── Data listing

(* Vectors are allowed to vanish, so that Gram-Schmidt applies to linearly
   dependent families without case distinctions. *)
Definition orthonormal_or0 (n : nat) (e : nat -> V) :=
  (forall j, e j = 0 \/ `|e j| = 1) /\
  (forall i j, (i < n)%N -> (j < n)%N -> i != j -> ip (e i) (e j) = 0).

Lemma ip_unit_or_zero e v : e = 0 \/ `|e| = 1 -> ip v e * ip e e = ip v e.
Proof.
by case=> [->|e1]; rewrite ?ip0r ?mul0r // -ip_norm e1 expr1n mulr1.
Qed.

Lemma orthonormal_proj n e v k : orthonormal_or0 n e -> (k < n)%N ->
  \sum_(j < n) ip v (e j) * ip (e j) (e k) = ip v (e k).
Proof.
move=> [e01 eo] kn; rewrite (bigD1 (Ordinal kn)) //= big1 ?addr0.
  exact: ip_unit_or_zero.
by move=> j jk; rewrite eo ?mulr0.
Qed.

Lemma gram_schmidt n (w : nat -> V) : exists e : nat -> V, orthonormal_or0 n e /\
  forall c : nat -> R, exists a : nat -> R,
    \sum_(j < n) c j *: w j = \sum_(j < n) a j *: e j.
Proof.
elim: n => [|n [e [oe span_e]]].
  exists (fun=> 0); split; first by split=> [j|//]; left.
  by move=> c; exists (fun=> 0); rewrite !big_ord0.
pose u := w n - \sum_(j < n) ip (w n) (e j) *: e j.
pose en := if u == 0 then 0 else `|u|^-1 *: u.
have uE : u = `|u| *: en.
  rewrite /en; case: eqP => [->|/eqP u0]; first by rewrite scaler0.
  by rewrite scalerA divff ?scale1r ?normr_eq0.
have en01 : en = 0 \/ `|en| = 1.
  rewrite /en; case: eqP => [_|/eqP u0]; [by left|right].
  by rewrite normrZ normrV ?unitfE ?normr_eq0 // normr_id mulVf ?normr_eq0.
have en_orth k : (k < n)%N -> ip en (e k) = 0.
  move=> kn; rewrite /en; case: eqP => _; first by rewrite ip0l.
  by rewrite ipZl ipBl ip_sumZl orthonormal_proj // subrr mulr0.
pose e' j := if j == n then en else e j.
exists e'; split.
  split=> [j|i j]; first by rewrite /e'; case: eqP => _ //; case: oe.
  rewrite !ltnS /e' => ilt jlt ij.
  case: eqP => [iE|/eqP iN]; case: eqP => [jE|/eqP jN].
  - by move: ij; rewrite iE jE eqxx.
  - by apply: en_orth; rewrite ltn_neqAle jN jlt.
  - by rewrite ipC; apply: en_orth; rewrite ltn_neqAle iN ilt.
  - by case: oe => _ ->; rewrite // ltn_neqAle ?iN ?jN.
move=> c; have [a ha] := span_e c.
exists (fun j => if j == n then c n * `|u| else c n * ip (w n) (e j) + a j).
have wE : w n = `|u| *: en + \sum_(j < n) ip (w n) (e j) *: e j.
  by rewrite -uE /u subrK.
rewrite !big_ord_recr /= ha /e' eqxx [in c n *: w n]wE scalerDr scalerA.
rewrite scaler_sumr addrCA [RHS]addrC; congr (_ + _); rewrite -big_split /=.
by apply: eq_bigr => j _; rewrite (ltn_eqF (ltn_ord j)) scalerA -scalerDl addrC.
Qed.

Lemma pythagoras n e (a : nat -> R) : orthonormal_or0 n e ->
  `|\sum_(j < n) a j *: e j| ^+ 2 = \sum_(j < n) a j ^+ 2 * `|e j| ^+ 2.
Proof.
move=> [_ eo]; rewrite ip_norm ip_sumZl; apply: eq_bigr => i _.
rewrite ip_sumZr (bigD1 i) //= big1 ?addr0; first by rewrite ip_norm mulrA expr2.
move=> j ji; rewrite eo ?mulr0 //.
by apply: contraNneq ji => ij; apply/eqP/val_inj.
Qed.

Lemma orthonormal_coef_bound n e (a : nat -> R) : orthonormal_or0 n e ->
  exists b : nat -> R, \sum_(j < n) a j *: e j = \sum_(j < n) b j *: e j /\
    forall j, `|b j| <= `|\sum_(j < n) a j *: e j|.
Proof.
move=> oe; exists (fun j => if (j < n)%N && (e j != 0) then a j else 0); split.
  apply: eq_bigr => j _; rewrite ltn_ord /=.
  by case: eqP => [->|//]; rewrite !scaler0.
move=> j; case: ifP => [/andP [jn ej]|_]; last by rewrite normr0 normr_ge0.
have e1 : `|e j| = 1 by case: oe => /(_ j) [ej0|//]; rewrite ej0 eqxx in ej.
have : a j ^+ 2 <= `|\sum_(j < n) a j *: e j| ^+ 2.
  rewrite pythagoras // (bigD1 (Ordinal jn)) //= e1 expr1n mulr1 lerDl.
  by apply: sumr_ge0 => i _; rewrite mulr_ge0 // sqr_ge0.
by rewrite -real_normK ?num_real // ler_pXn2r ?nnegrE ?normr_ge0.
Qed.

End InnerProduct.

Arguments gram_schmidt {R V ip}.
Arguments orthonormal_coef_bound {R V ip} ip_inner {n e}.

Lemma grid_approx {R : realType} {V : normedModType R} {n N : nat}
    {e : nat -> V} {b : nat -> R} {r h : R} :
  (forall j, `|e j| <= 1) -> 0 < h -> r <= N%:R * h -> (forall j, `|b j| <= r) ->
  exists q : {ffun 'I_n -> 'I_(N.*2.+1)},
    `|\sum_(j < n) b j *: e j - \sum_(j < n) (h * ((q j)%:R - N%:R)) *: e j|
      <= n%:R * h.
Proof.
move=> e1 h0 rN br.
(* round [b j] to the grid [h * (k - N)], [0 <= k <= 2N] *)
pose t j := Num.truncn (b j / h + N%:R).
have bh j : 0 <= b j / h + N%:R <= (N.*2)%:R.
  have := br j; rewrite ler_norml -muln2 natrM => /andP [lo hi].
  by apply/andP; split; rewrite -(ler_pM2r h0) ?mul0r mulrDl mulfVK ?gt_eqF //;
    lra.
have t_lt j : (t j < N.*2.+1)%N.
  have /andP [b0 b2] := bh j.
  by rewrite ltnS -(ler_nat R); apply: le_trans b2; have /andP [] := truncn_itv b0.
exists [ffun j : 'I_n => inord (t j)].
rewrite -sumrB (le_trans (ler_norm_sum _ _ _)) //.
have -> : n%:R * h = \sum_(j < n) h by rewrite sumr_const card_ord mulr_natl.
apply: ler_sum => j _; rewrite ffunE inordK // -scalerBl normrZ.
rewrite -[X in _ <= X]mulr1 ler_pM ?normr_ge0 //.
have /andP [b0 _] := bh j; have /andP [t1 t2] := truncn_itv b0.
have -> : b j - h * ((t j)%:R - N%:R) = h * (b j / h + N%:R - (t j)%:R).
  by field; rewrite gt_eqF.
rewrite normrM gtr0_norm // ger0_norm ?subr_ge0 // ler_piMr ?ltW //.
by move: t2; rewrite -natr1; lra.
Qed.

Section Distance.
Context {R : realType} {V : normedModType R}.

Lemma dist_set_le {f g : V} {S : set V} : S g -> dist_set f S <= dist f g.
Proof.
by move=> Sg; apply: ge_inf; [exists 0 => _ [h _ <-]; exact: normr_ge0|exists g].
Qed.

────

*Exercise details*
Begin with the first line of the records and reproduce each line as is, ending with the line that holds "case: eqP => [iE|/eqP".

*Solution to this exercise*
(* Vectors are allowed to vanish, so that Gram-Schmidt applies to linearly
   dependent families without case distinctions. *)
Definition orthonormal_or0 (n : nat) (e : nat -> V) :=
  (forall j, e j = 0 \/ `|e j| = 1) /\
  (forall i j, (i < n)%N -> (j < n)%N -> i != j -> ip (e i) (e j) = 0).

Lemma ip_unit_or_zero e v : e = 0 \/ `|e| = 1 -> ip v e * ip e e = ip v e.
Proof.
by case=> [->|e1]; rewrite ?ip0r ?mul0r // -ip_norm e1 expr1n mulr1.
Qed.

Lemma orthonormal_proj n e v k : orthonormal_or0 n e -> (k < n)%N ->
  \sum_(j < n) ip v (e j) * ip (e j) (e k) = ip v (e k).
Proof.
move=> [e01 eo] kn; rewrite (bigD1 (Ordinal kn)) //= big1 ?addr0.
  exact: ip_unit_or_zero.
by move=> j jk; rewrite eo ?mulr0.
Qed.

Lemma gram_schmidt n (w : nat -> V) : exists e : nat -> V, orthonormal_or0 n e /\
  forall c : nat -> R, exists a : nat -> R,
    \sum_(j < n) c j *: w j = \sum_(j < n) a j *: e j.
Proof.
elim: n => [|n [e [oe span_e]]].
  exists (fun=> 0); split; first by split=> [j|//]; left.
  by move=> c; exists (fun=> 0); rewrite !big_ord0.
pose u := w n - \sum_(j < n) ip (w n) (e j) *: e j.
pose en := if u == 0 then 0 else `|u|^-1 *: u.
have uE : u = `|u| *: en.
  rewrite /en; case: eqP => [->|/eqP u0]; first by rewrite scaler0.
  by rewrite scalerA divff ?scale1r ?normr_eq0.
have en01 : en = 0 \/ `|en| = 1.
  rewrite /en; case: eqP => [_|/eqP u0]; [by left|right].
  by rewrite normrZ normrV ?unitfE ?normr_eq0 // normr_id mulVf ?normr_eq0.
have en_orth k : (k < n)%N -> ip en (e k) = 0.
  move=> kn; rewrite /en; case: eqP => _; first by rewrite ip0l.
  by rewrite ipZl ipBl ip_sumZl orthonormal_proj // subrr mulr0.
pose e' j := if j == n then en else e j.
exists e'; split.
  split=> [j|i j]; first by rewrite /e'; case: eqP => _ //; case: oe.
  rewrite !ltnS /e' => ilt jlt ij.
  case: eqP => [iE|/eqP iN]; case: eqP => [jE|/eqP jN].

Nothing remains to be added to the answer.